Дени посмотрела на город. Между его стенами и морем стояли ровные ряды желтых юнкайских палаток. Рабы обвели их оборонительным рвом. Два железных легиона Нового Гиса, обученные и вооруженные на манер Безупречных, разместились на севере, за рекой, еще два — на востоке, перекрыв дорогу к Хизайскому перевалу. На юге мерцали костры вольных отрядов. Невольничий рынок, эта безобразная опухоль, торчал у самого моря; в темноте Дени не могла его видеть, но знала, что он там, и от этого ее гнев только усиливался.
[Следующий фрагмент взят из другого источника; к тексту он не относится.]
Lemma row_prefix_csum A (i : 'I_n) m :
  \sum_(q < n | (q < m)%N) A i q = csum A i.+1 m - csum A i m.
Proof. by rewrite /csum prefix_sumS addrC addKr. Qed.

Lemma col_prefix_csum A (j : 'I_n) m :
  \sum_(p < n | (p < m)%N) A p j = csum A m j.+1 - csum A m j.
Proof.
rewrite /csum -sumrB; apply: eq_bigr => p _.
by rewrite prefix_sumS addrC addKr.
Qed.

Lemma entry_csum A (i j : 'I_n) :
  A i j = csum A i.+1 j.+1 - csum A i j.+1 - csum A i.+1 j + csum A i j.
Proof.
have := row_prefix_csum A i j.+1; rewrite prefix_sumS row_prefix_csum.
set x := csum A i.+1 j.+1; set y := csum A i j.+1; set z := csum A i.+1 j.
move=> e; lia.
Qed.

Lemma of_csumK A : of_csum n (csum A) = A.
Proof. by apply/matrixP => i j; rewrite mxE [RHS]entry_csum. Qed.

Lemma csum_inj A B :
  (forall p q, (p <= n)%N -> (q <= n)%N -> csum A p q = csum B p q) -> A = B.
Proof.
move=> eqAB; rewrite -(of_csumK A) -(of_csumK B); apply/matrixP => i j.
by rewrite !mxE !eqAB // ?(ltnW (ltn_ord i)) ?(ltnW (ltn_ord j)).
Qed.

Lemma csum_of_csum C : (forall q, C 0%N q = 0) -> (forall p, C p 0%N = 0) ->
  forall p q, (p <= n)%N -> (q <= n)%N -> csum (of_csum n C) p q = C p q.
Proof.
move=> C0l C0r p; elim: p => [|p IHp] q hp hq; first by rewrite csum0l C0l.
elim: q hq => [|q IHq] hq; first by rewrite csum0r C0r.
have := entry_csum (of_csum n C) (Ordinal hp) (Ordinal hq); rewrite /= mxE.
move=> e; rewrite /= IHp ?IHq ?IHp ?(ltnW hp) ?(ltnW hq) // in e; lia.
Qed.

Record csum_shape C : Prop := CsumShape {
  shape_top : forall q, C 0%N q = 0;
  shape_left : forall p, C p 0%N = 0;
  shape_right : forall p q, (p <= n)%N -> (q < n)%N ->
    C p q.+1 = C p q \/ C p q.+1 = C p q + 1;
  shape_down : forall p q, (p < n)%N -> (q <= n)%N ->
    C p.+1 q = C p q \/ C p.+1 q = C p q + 1;
  shape_bottom : forall q, (q <= n)%N -> C n q = q%:Z;
  shape_rightmost : forall p, (p <= n)%N -> C p n = p%:Z }.

Lemma asm_row_prefix A : is_asm A -> forall (i : 'I_n) m, (m <= n)%N ->
  \sum_(q < n | (q < m)%N) A i q = 0 \/ \sum_(q < n | (q < m)%N) A i q = 1.
Proof.
case=> _ [rowP _] i [|j] hj; last exact: (rowP i (Ordinal hj)).
by left; rewrite big_pred0.
Qed.

Lemma asm_col_prefix A : is_asm A -> forall (j : 'I_n) m, (m <= n)%N ->
  \sum_(p < n | (p < m)%N) A p j = 0 \/ \sum_(p < n | (p < m)%N) A p j = 1.
Proof.
case=> _ [_ [colP _]] j [|i] hi; last exact: (colP (Ordinal hi) j).
by left; rewrite big_pred0.
Qed.

(* Prefix sums in {0,1} are unit steps of csum; full sums 1 fix the borders. *)
Lemma asm_csum_shape A : is_asm A -> csum_shape (csum A).
Proof.
move=> hA; have [_ [_ [_ [rowT colT]]]] := hA.
split; [exact: csum0l | exact: csum0r | | | |].
- move=> p q hp hq; have := asm_col_prefix hA (Ordinal hq) hp.
  rewrite col_prefix_csum /=; lia.
- move=> p q hp hq; have := asm_row_prefix hA (Ordinal hp) hq.
  rewrite row_prefix_csum /=; lia.
- elim=> [|q IH] hq; first by rewrite csum0r.
  have := col_prefix_csum A (Ordinal hq) n.
  rewrite (eq_bigl xpredT) ?colT => [/= e|i]; last by rewrite ltn_ord.
  by rewrite IH ?(ltnW hq) // in e; lia.
- elim=> [|p IH] hp; first by rewrite csum0l.
  have := row_prefix_csum A (Ordinal hp) n.
  rewrite (eq_bigl xpredT) ?rowT => [/= e|i]; last by rewrite ltn_ord.
  by rewrite IH ?(ltnW hp) // in e; lia.
Qed.

Lemma csum_shape_asm A : csum_shape (csum A) -> is_asm A.
Proof.
case=> _ _ right down bottom rightmost.
have full_sum (F : 'I_n -> int) : \sum_(q < n | (q < n)%N) F q = \sum_(q < n) F q.
  by apply: eq_bigl => q; rewrite ltn_ord.
split; [|split; [|split; [|split]]].
- move=> i j; rewrite entry_csum.
  have := right i.+1 j (ltn_ord i) (ltn_ord j).
  have := right i j (ltnW (ltn_ord i)) (ltn_ord j); lia.
- move=> i j /=; rewrite (row_prefix_csum A i j.+1).
  have := down i j.+1 (ltn_ord i) (ltn_ord j); lia.
- move=> i j /=; rewrite (col_prefix_csum A j i.+1).
  have := right i.+1 j (ltn_ord i) (ltn_ord j); lia.
- move=> i; rewrite -full_sum row_prefix_csum !rightmost ?(ltnW (ltn_ord i)) //; lia.
- move=> j; rewrite -full_sum col_prefix_csum !bottom ?(ltnW (ltn_ord j)) //; lia.
Qed.

Lemma of_csum_asm C : csum_shape C -> is_asm (of_csum n C).
Proof.
case=> top left right down bottom rightmost; apply: csum_shape_asm.
have cs := csum_of_csum top left.
split; [exact: csum0l | exact: csum0r | | | |].
- by move=> p q hp hq; rewrite !cs ?(ltnW hq) //; exact: right.
- by move=> p q hp hq; rewrite !cs ?(ltnW hp) //; exact: down.
- by move=> q hq; rewrite cs //; exact: bottom.
- by move=> p hp; rewrite cs //; exact: rightmost.
Qed.
End CornerSums.

Section AsmGraph.
Variable n : nat.
Implicit Types A B : 'M[int]_n.

(* The total of the corner sum matrix over [1,n]^2: beta A is a constant minus
   this total, so moving up in the graph means lowering corner sums. *)
Definition csum_total A : int :=
  \sum_(1 <= i < n.+1) \sum_(1 <= j < n.+1) csum A i j.

Lemma beta_total A :
  beta A = \sum_(1 <= i < n.+1) \sum_(1 <= j < n.+1) (minn i j)%:Z - csum_total A.
Proof. by []. Qed.

Lemma csum_total_le A B :
  (forall i j, (1 <= i <= n)%N -> (1 <= j <= n)%N -> csum B i j <= csum A i j) ->
  csum_total B <= csum_total A.
Proof.
move=> le_csum; apply: ler_sum_nat => i hi; apply: ler_sum_nat => j hj.
by apply: le_csum; lia.
Qed.

Lemma asm_le_grid A B : asm_le A B ->
  forall p q, (p <= n)%N -> (q <= n)%N -> csum B p q <= csum A p q.
Proof. by move=> le [|p] [|q] hp hq; rewrite ?csum0l ?csum0r //; apply: le. Qed.

Definition rect_ind (i j k l p q : nat) : int := if inR i j k l p q then 1 else 0.

Lemma rect_ind_cell i k p q :
  rect_ind i i.+1 k k.+1 p q = if (p == i) && (q == k) then 1 else 0.
Proof. by rewrite /rect_ind /inR !ltnS -!eqn_leq (eq_sym i) (eq_sym k). Qed.

Lemma csum_shift A (f : nat -> nat -> int) :
  (forall q, f 0%N q = 0) -> (forall p, f p 0%N = 0) ->
  forall p q, (p <= n)%N -> (q <= n)%N ->
  csum (of_csum n (fun p q => csum A p q + f p q)) p q = csum A p q + f p q.
Proof.
by move=> f0l f0r; apply: csum_of_csum => x; rewrite ?csum0l ?csum0r ?f0l ?f0r addr0.
Qed.

Lemma r_op_monotone A i j k l : (1 <= i)%N -> (1 <= k)%N ->
  (forall p q, (p <= n)%N -> (q <= n)%N -> csum A p q <= csum (r_op i j k l A) p q) \/
  (forall p q, (p <= n)%N -> (q <= n)%N -> csum (r_op i j k l A) p q <= csum A p q).
Proof.
move=> hi hk.
have rect0l q : rect_ind i j k l 0 q = 0.
  by rewrite /rect_ind /inR; case: i hi.
have rect0r p : rect_ind i j k l p 0 = 0.
  by rewrite /rect_ind /inR [(k <= 0)%N]leqNgt hk andbF.
have rect01 p q : 0 <= rect_ind i j k l p q <= 1 by rewrite /rect_ind; case: inR.
rewrite /r_op; case: essentialb; [left | case: dual_essentialb; [right | by left]].
- move=> p q hp hq; rewrite (@csum_shift A (rect_ind i j k l)) //.
  by have := rect01 p q; lia.
- move=> p q hp hq; rewrite (@csum_shift A (fun p q => - rect_ind i j k l p q)) //.
  + by have := rect01 p q; lia.
  + by move=> q'; rewrite rect0l oppr0.
  + by move=> p'; rewrite rect0r oppr0.
Qed.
— Сир Барристан, — позвала она, и белый рыцарь тотчас вышел из мрака. — Слышали?
— Кое-что. Наемникам нельзя верить, это он верно сказал.
«Королевам тоже».
— Есть ли среди Младших Сыновей человек, способный… низложить Бурого Бена?
— Как Даарио Нахарис низложил других капитанов Ворон-Буревестников? — смутился рыцарь. — Не знаю, ваше величество… может быть.
«Ты слишком честен для этого, старый воин».
— У юнкайцев есть еще три вольных отряда.
— Сброд, ваше величество, головорезы. И капитаны у них такие же предатели, как Бен Пламм.
— Я молода и мало что смыслю в таких вещах, но нам, думаю, такие и требуются. В свое время, как вы помните, я переманила к нам и Младших Сыновей, и Ворон-Буревестников.
— Если ваше величество желает перемолвиться с Гило Реганом или Принцем-Оборванцем, я провожу их в ваши покои.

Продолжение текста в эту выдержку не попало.